Maybe you've been with women like me, I don't know.  Maybe you DO know what to do with 'em.  I like to THINK you do, anyway.  In most things, you seem very uber-sensitive, open, sincere, and expressive....things that many Dominant men do NOT show on the outside at all.  You don't seem to have that persona, but again, a lot of times people overcompensate for their true natures.  You also are a very cunning businessman, someone who is perfectionist and likes to lead rather than follow, and you can often be very demanding with certain things.  Sooooo, it is possible.

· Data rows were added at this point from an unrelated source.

Lemma ej_marg_unnormE t : Th t ->
  (\int[nu]_x (ej_unnorm pi p Delta h eps t x)%:E = (K (h t))%:E * g t)%E.
Proof.
move=> Tt; rewrite -ge0_integralZl_nonmeas ?Kunif_ge0//.
  by apply: eq_integral => x _; rewrite ej_unnormE EFinM.
by move=> x _; rewrite lee_fin abc_unnorm_ge0.
Qed.

Lemma integral_Kunif_abc_marg_unnorm :
  (\int[mu]_(t in Th) ((K (h t))%:E * g t) = \int[mu]_(t in Th) g t)%E.
Proof.
have Kg_ge0 t : Th t -> (0 <= (K (h t))%:E * g t)%E.
  by move=> Tt; rewrite mule_ge0 ?lee_fin ?Kunif_ge0 ?abc_marg_unnorm_ge0.
apply/eqP; rewrite eq_le; apply/andP; split.
  apply: ge0_le_integral_nonmeas => // t Tt; have := abc_marg_unnorm_ge0 _ Tt.
  by rewrite /Kunif; case: ifP; rewrite ?mul1e ?mul0e.
apply: ae_ge0_le_integral_nonmeas => //; first exact: abc_marg_unnorm_ge0.
case: Theta1_off_Theta'_null => N [mN N0 Theta1_N]; exists N; split => // t /=.
move=> /not_implyP[Tt]; have [ht|ht] := ltP (h t) eps.
  by rewrite Kunif1// mul1e lexx.
rewrite Kunif0// mul0e => /negP; rewrite -ltNge => g_gt0; apply: Theta1_N.
split; first by split => //; rewrite abc_margE// mule_gt0// lte_fin invr_gt0.
by case=> _; apply/negP; rewrite -leNgt.
Qed.

Lemma ej_ZE : ej_Z mu nu Th pi p Delta h eps = Z.
Proof.
rewrite /ej_Z (eq_integral (fun t => (K (h t))%:E * g t)%E); last first.
  by move=> t /[!inE]; exact: ej_marg_unnormE.
by rewrite integral_Kunif_abc_marg_unnorm abc_ZE.
Qed.

Lemma ej_jointE t x : ej_joint t x = K (h t) * abc_joint t x.
Proof. by rewrite /Defs.ej_joint ej_ZE ej_unnormE -mulrA. Qed.

Lemma ej_integrand_ge0 t ts x : Th t -> Th ts -> 0 <= ej_integrand t ts x.
Proof.
move=> Tt Tts; rewrite /ej_integrand ej_jointE.
move: (abc_joint t x) (abc_joint_ge0 t x Tt) => a a_ge0.
rewrite !mulr_ge0 ?Kunif_ge0 ?q_ge0// le_min ler01 /alpha_tilde.
by rewrite mulr_ge0 ?mh_ratio_ge0// divr_ge0 ?Kunif_ge0// le_min !Kunif_ge0.
Qed.

Lemma ej_integrand_add_gap_le t ts x : Th t -> Th ts ->
  ej_integrand t ts x + rejection_gap t ts x <= Oej_integrand t ts x.
Proof.
move=> Tt Tts; rewrite /ej_integrand /rejection_gap /Oej_integrand ej_jointE.
rewrite /alpha_breve /alpha_tilde.
have [Dx|Dx] := ltP (Delta x) eps; last first.
  have -> : abc_joint t x = 0.
    by rewrite /Defs.abc_joint /abc_unnorm Kunif0// mulr0 mul0r.
  by rewrite !mulr0 addr0.
rewrite (Kunif1 Dx) (mulr1 (pi t * q t ts)) -/(mh_ratio t ts).
move: (abc_joint t x) (abc_joint_ge0 t x Tt) => a a_ge0.
have m_ge0 := min_mh_ratio_ge0 t ts Tt Tts; have q_ge0' := q_ge0 t ts Tt Tts.
have [ht|ht] := ltP (h t) eps; last first.
  rewrite (Kunif0 ht) !mul0r mulr0 add0r.
  by rewrite !mulr_ge0.
rewrite (Kunif1 ht) minxx divr1 !mul1r.
have [hts|hts] := ltP (h ts) eps.
  by rewrite (Kunif1 hts) mulr1 subrr !mul0r addr0.
by rewrite (Kunif0 hts) mulr0 (min_r ler01) !mul0r add0r subr0 mul1r.
Qed.

Lemma lower_bound_le_gap : (lower_bound mu nu Th pi p q Delta h eps <=
  \int[mu]_(t in Th) \int[mu]_(ts in Th) \int[nu]_x (rejection_gap t ts x)%:E)%E.
Proof.
have gap_int_ge0 t ts : Th t -> Th ts ->
    (0 <= \int[nu]_x (rejection_gap t ts x)%:E)%E.
  by move=> Tt Tts; apply: integral_ge0 => x _; rewrite lee_fin rejection_gap_ge0.
apply: ge0_le_integral_subset_nonmeas => [t [[]]//|t [[Tt _] _]|t Tt|t [[Tt ht] _]].
- apply: integral_ge0 => ts [Tts _].
  by rewrite mule_ge0 ?abc_marg_ge0// lee_fin mulr_ge0 ?min_mh_ratio_ge0 ?q_ge0.
- by apply: integral_ge0 => ts Tts; exact: gap_int_ge0.
apply: ge0_le_integral_subset_nonmeas => [ts []//|ts [Tts _]|ts Tts|ts [Tts hts]].
- by rewrite mule_ge0 ?abc_marg_ge0// lee_fin mulr_ge0 ?min_mh_ratio_ge0 ?q_ge0.
- exact: gap_int_ge0.
have {}hts : eps <= h ts by rewrite leNgt; apply/negP => lt_hts; exact: hts.
rewrite /abc_marg -ge0_integralZl_nonmeas; last 2 first.
- by rewrite mulr_ge0 ?min_mh_ratio_ge0 ?q_ge0.
- by move=> x _; rewrite lee_fin abc_joint_ge0.
apply: ge0_le_integral_nonmeas => x _.
  by rewrite mule_ge0// lee_fin ?abc_joint_ge0// mulr_ge0 ?min_mh_ratio_ge0 ?q_ge0.
by rewrite /rejection_gap Kunif1// Kunif0// subr0 !mul1r -EFinM.
Qed.

Lemma ej_integrand_le t ts x : Th t -> Th ts ->
  ej_integrand t ts x <= q t ts * pi t / Z * p t x.
Proof.
move=> Tt Tts; rewrite /ej_integrand ej_jointE.
have joint_le : K (h t) * abc_joint t x <= pi t * p t x / Z.
  apply: le_trans (ler_piMl (abc_joint_ge0 t x Tt) (Kunif_le1 _ _)) _.
  rewrite /Defs.abc_joint /abc_unnorm ler_wpM2r ?invr_ge0 ?abc_Z_ge0//.
  by rewrite ler_piMr ?mulr_ge0 ?pi_ge0 ?p_ge0 ?Kunif_le1.
rewrite -mulrA; apply: le_trans (ler_piMl _ _) _.
- by rewrite mulr_ge0 ?q_ge0// mulr_ge0 ?Kunif_ge0 ?abc_joint_ge0.
- by rewrite ge_min lexx.
have -> : q t ts * pi t / Z * p t x = q t ts * (pi t * p t x / Z) by ring.
by rewrite ler_wpM2l ?q_ge0.
Qed.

I just felt like sharing a part of me that people typically don't get to see.  Most everyone thinks of me as this bold, brash, outspoken person.  The truth is, when you encounter a submissive woman, sometimes she is overcompensating for her true nature, because 9 times out of 10, her true nature of submissiveness is scorned or criticized in society.  Women are "supposed to be" tough, and sure, I have had to be tough too, especially when living in Washington DC.

My last post here (before the photo of you and I), was one in which I expressed my anger towards Mitt Romney's "binders full of women" remark, because I do consider myself somewhat feminist.  I think that is the most difficult part of realizing and accepting that you're submissive, at least it was for me, to reconcile that part of me, and combine it with who I really am inside.  I admire and honor all of the suffragist women who fought and died for my right to vote.  I will always cherish and use that right.  I believe in equal pay for equal work, too.  I also believe that if and when a woman is elected President, this country will actually be structured into something pretty damned awesome.



Well, I have to go for now, but I just wanted to show you the real me.  I'm a conundrum, an enigma, a mysterious chick full of a myriad of different sides to my inner soul.  I also love YOU very much.  And I'm very thankful that a man like Pete finally came along in my life, who understands me.